Although I have been keeping up with this journal quite well, I feel that I have been neglecting my home journal. This is a great place to share thoughts and get feed-back, but some things are best kept private…you know?

Well, that’s it.

Thought of the Day:
“Whoever says that money can’t buy happiness, doesn’t know where to shop.”-Joan Rivers

-I though it was funny…..

 

It’s not fair… October 27, 2003

Filed under: Uncategorized — christinamyers @ 2:09 pm

Why is it that a guy can’t just be friends with a girl? Why does he have to grow to like her as more than that? I will never get that. I wish that it had not happened to me.

My buddy Jake has made it quite apparent in recent weeks that he likes me as more than a friend…and along with flat out telling me this, he has invited me to countless parties and out to lunch. Thing is…he knows that I am involved with a wonderful man…Russell…who is quite irritated by all of this. And I understand…I am too.

It all started about a year ago when Jake was hired to replace one of our employees who was going away to school. At first he kind of scared me. He had the Ramones thing going on and wasn’t very talkitive…unlike me who talks to anyone and everyone who will listen…so I avoided him. Then he cut his hair and got over his shyness and we began to talk more. We actually became decent friends.

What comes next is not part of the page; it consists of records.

Lemma sat_post_lits_base S (M : model S) t base l bs :
  sat M t (post_lits base l bs) -> sat M t base.
Proof. by elim: l bs => [|[q phi] l IHl] [|b bs] //= [_ /IHl]. Qed.

Lemma exists_sat_post_lits S (M : model S) t base l :
  sat M t base -> exists bs : (size l).-tuple bool, sat M t (post_lits base l bs).
Proof.
move=> Hbase; elim: l => [|[q phi] l [bs IHl]]; first by exists [tuple].
have [Hphi | Hphi] := classic (sat M t phi).
- by exists [tuple of true :: bs].
- by exists [tuple of false :: bs].
Qed.

Lemma post_sat_post_consts S (M : model S) t p base l bs : size bs = size l ->
  sat M t (post_lits base l bs) ->
  (post_sat M t p (post_consts l bs) <-> post_sat M t p l).
Proof.
elim: l bs => [|[q phi] l IHl] [|b bs] //= /succn_inj /IHl IH [Hb /IH {}IH].
case: (q == p) => //.
by case: b Hb => /=; tauto.
Qed.

Lemma postval_post_consts l bs p : postval (post_consts l bs) p <> Atom A p ->
  is_top (postval (post_consts l bs) p) \/ is_bot (postval (post_consts l bs) p).
Proof.
rewrite /postval; elim: l bs => [|[q phi] l IHl] [|b bs] //= .
by case: (q == p) => [_ | /IHl //]; case: b; [left | right]; exists q.
Qed.

Lemma TF_post_lits base l bs : TF base -> all_post (@TF A P) l -> TF (post_lits base l bs).
Proof.
by move=> Hbase; elim: l bs => [|[q phi] l IHl] [|b bs] //= [Hphi /IHl]; case: b.
Qed.

Lemma TF_post_consts l bs : all_post (@TF A P) (post_consts l bs).
Proof. by elim: l bs => [|[q phi] l IHl] [|b bs] //=; case: b. Qed.

(* [g] only provides the empty conjunction [~ (g /\ ~ g)]: there may be no atom to build
   a constant from. *)
Definition big_And (g : form) (fs : seq form) : form :=
  foldr (@And A P) (Neg (And g (Neg g))) fs.

Lemma sat_big_And_map S (M : model S) s g (I : eqType) (r : seq I) (F : I -> form) :
  sat M s (big_And g [seq F i | i <- r]) <-> forall i, i \in r -> sat M s (F i).
Proof.
elim: r => [|i r IHr] /=; first by split=> // _ [].
rewrite IHr; split=> [[Hi Hr] j | H].
- by rewrite in_cons => /predU1P [-> | /Hr].
- by split=> [|j Hj]; apply: H; rewrite in_cons ?eqxx ?Hj ?orbT.
Qed.

Lemma TF_big_And_map g (I : Type) (r : seq I) (F : I -> form) :
  TF g -> (forall i, TF (F i)) -> TF (big_And g [seq F i | i <- r]).
Proof. by move=> Hg HF; elim: r => //= i r ->; split. Qed.

Lemma TF_Box_Upd n (R : A -> rel 'I_n.+1) pre post e g :
  TF (Box (Upd R pre post e) g) =
  (TF g /\ (forall x, TF (pre x)) /\ (forall x, all_post (@TF A P) (post x)) /\
    (forall x p, postval (post x) p <> Atom A p ->
       is_top (postval (post x) p) \/ is_bot (postval (post x) p))).
Proof. reflexivity. Qed.

(* Events of update models are ordinals ['I_k.+1]. *)
Definition nth_enum (T : finType) (t0 : T) (i : 'I_#|T|.-1.+1) : T := nth t0 (enum T) i.

Lemma nth_enum_surj (T : finType) (t0 x : T) : exists i, nth_enum t0 i = x.
Proof.
have card_gt0 : 0 < #|T| by apply/card_gt0P; exists x.
have x_lt : index x (enum T) < #|T|.-1.+1 by rewrite prednK // cardE index_mem mem_enum.
by exists (Ordinal x_lt); rewrite /nth_enum nth_index ?mem_enum.
Qed.

Section Split.
Variables (n : nat) (R : A -> rel 'I_n.+1) (pre : 'I_n.+1 -> form)
  (post : 'I_n.+1 -> seq (P * form)).

Definition split_event := {x : 'I_n.+1 & (size (post x)).-tuple bool}.
Local Notation m := #|{: split_event}|.-1.

Definition split_event0 : split_event := existT _ ord0 (nseq_tuple _ false).
Definition split_dec : 'I_m.+1 -> split_event := nth_enum split_event0.
Definition split_R (a : A) : rel 'I_m.+1 :=
  fun i j => R a (tag (split_dec i)) (tag (split_dec j)).
Definition split_pre (i : 'I_m.+1) : form :=
  post_lits (pre (tag (split_dec i))) (post (tag (split_dec i))) (tagged (split_dec i)).
Definition split_post (i : 'I_m.+1) : seq (P * form) :=
  post_consts (post (tag (split_dec i))) (tagged (split_dec i)).

Definition tf_box (e : 'I_n.+1) (g : form) : form :=
  big_And g [seq Box (Upd split_R split_pre split_post i) g
            | i <- enum 'I_m.+1 & tag (split_dec i) == e].

Lemma sat_tf_box S (M : model S) s e g :
  sat M s (Box (Upd R pre post e) g) <-> sat M s (tf_box e g).
Proof.
rewrite sat_big_And_map (sat_Box_Upd_cover (d := fun i => tag (split_dec i))) //.
- split=> H i; last by move=> die; apply: H; rewrite mem_filter die eqxx mem_enum.
  by rewrite mem_filter mem_enum andbT => /eqP; apply: H.
- by move=> t i; apply: sat_post_lits_base.
- move=> t x /(exists_sat_post_lits (post x)) [bs Hbs].
  have [i di] := nth_enum_surj split_event0 (existT _ x bs).
  by exists i; rewrite /split_pre /split_dec di.
- by move=> t i p; apply: post_sat_post_consts; rewrite size_tuple.
Qed.

Lemma TF_tf_box e g :
  TF g -> (forall x, TF (pre x)) -> (forall x, all_post (@TF A P) (post x)) ->
  TF (tf_box e g).
Proof.
move=> Hg Hpre Hpost; apply: TF_big_And_map => // i; rewrite TF_Box_Upd.
split=> //; split=> [x | ]; first exact: TF_post_lits.
by split=> [x | x p]; [exact: TF_post_consts | exact: postval_post_consts].
Qed.

End Split.

Fixpoint tf_form (f : form) : form :=
  match f with
  | Atom p => Atom A p
  | Neg g => Neg (tf_form g)
  | And g h => And (tf_form g) (tf_form h)
  | Box (Upd n R pre post e) g =>
      tf_box R (fun x => tf_form (pre x))
        (fun x => [seq (qp.1, tf_form qp.2) | qp <- post x]) e (tf_form g)
  | Box a g => Box a (tf_form g)
  end.

Lemma all_post_map (Q : form -> Prop) (h : form -> form) l :
  all_post (fun f => Q (h f)) l -> all_post Q [seq (qp.1, h qp.2) | qp <- l].
Proof. by elim: l => [|[q phi] l IHl] //= [? /IHl]. Qed.

Lemma TF_tf_form f : TF (tf_form f).
Proof.
elim/form_nested_ind: f => //= [a g IHa IHg].
case: a IHa => [i | B | n R pre post e] //= [IHpre IHpost].
by apply: TF_tf_box => // x; apply: all_post_map (IHpost x).
Qed.

Lemma sat_tf_form f S (M : model S) s : sat M s f <-> sat M s (tf_form f).
Proof.
elim/form_nested_ind: f S M s => [p | f IHf | f g IHf IHg | a g IHa IHg] S M s.
- by [].
- by rewrite /= IHf.
- by rewrite /= IHf IHg.
case: a IHa => [i | B | n R pre post e] IHa; rewrite [tf_form _]/=.
- by apply: (sat_Box_congr IHg).
- by apply: (sat_Box_congr IHg).
case: IHa => IHpre IHpost; rewrite -sat_tf_box -(sat_Box_congr IHg).
apply: sat_Box_Upd_congr => [t x | t x p]; first exact: IHpre.
by apply: post_sat_map; apply: all_post_impl (IHpost x) => f ->.
Qed.

End Translation.

Theorem corollary3 (A : finType) (P : countType) (phi : form A P) :
  exists psi : form A P, TF psi /\
    forall (S : Type) (M : model A P S) (s : S), sat M s phi <-> sat M s psi.
Proof. by exists (tf_form phi); split; [apply: TF_tf_form | apply: sat_tf_form]. Qed.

Over time, I grew to like him as more than a friend…so I did some investigative reporting and found out what he thought of me on that level…not good. he said that I was a ‘nice’ girl, but that he wouldn’t date me, so I moved on and began to only view him as a friend. Which, in the end, turned out great.

Jump to present…this past Saturday was going well. I chatted with Jake as usual and things seemed fine…until lunch. He asked me if I wanted to go to lunch with him, then to save face he claimed that it was because that he knew that I didn’t have a car. I declined and thought that it was cute. Then, later that day, he flat out told me that he liked me. I had never been in that position before, so I didn’t know what to do…so I made up and excuse and left.

Other than that, things are well. I haven’t been sleeping very well lately. Why? I don’t know. I hope it changes though, because I am becoming less motivated to do anything because I am tired.

Classes are going well…as expected. I can’t wait until this weekend..I get to see my love…yeah! That’s all for now!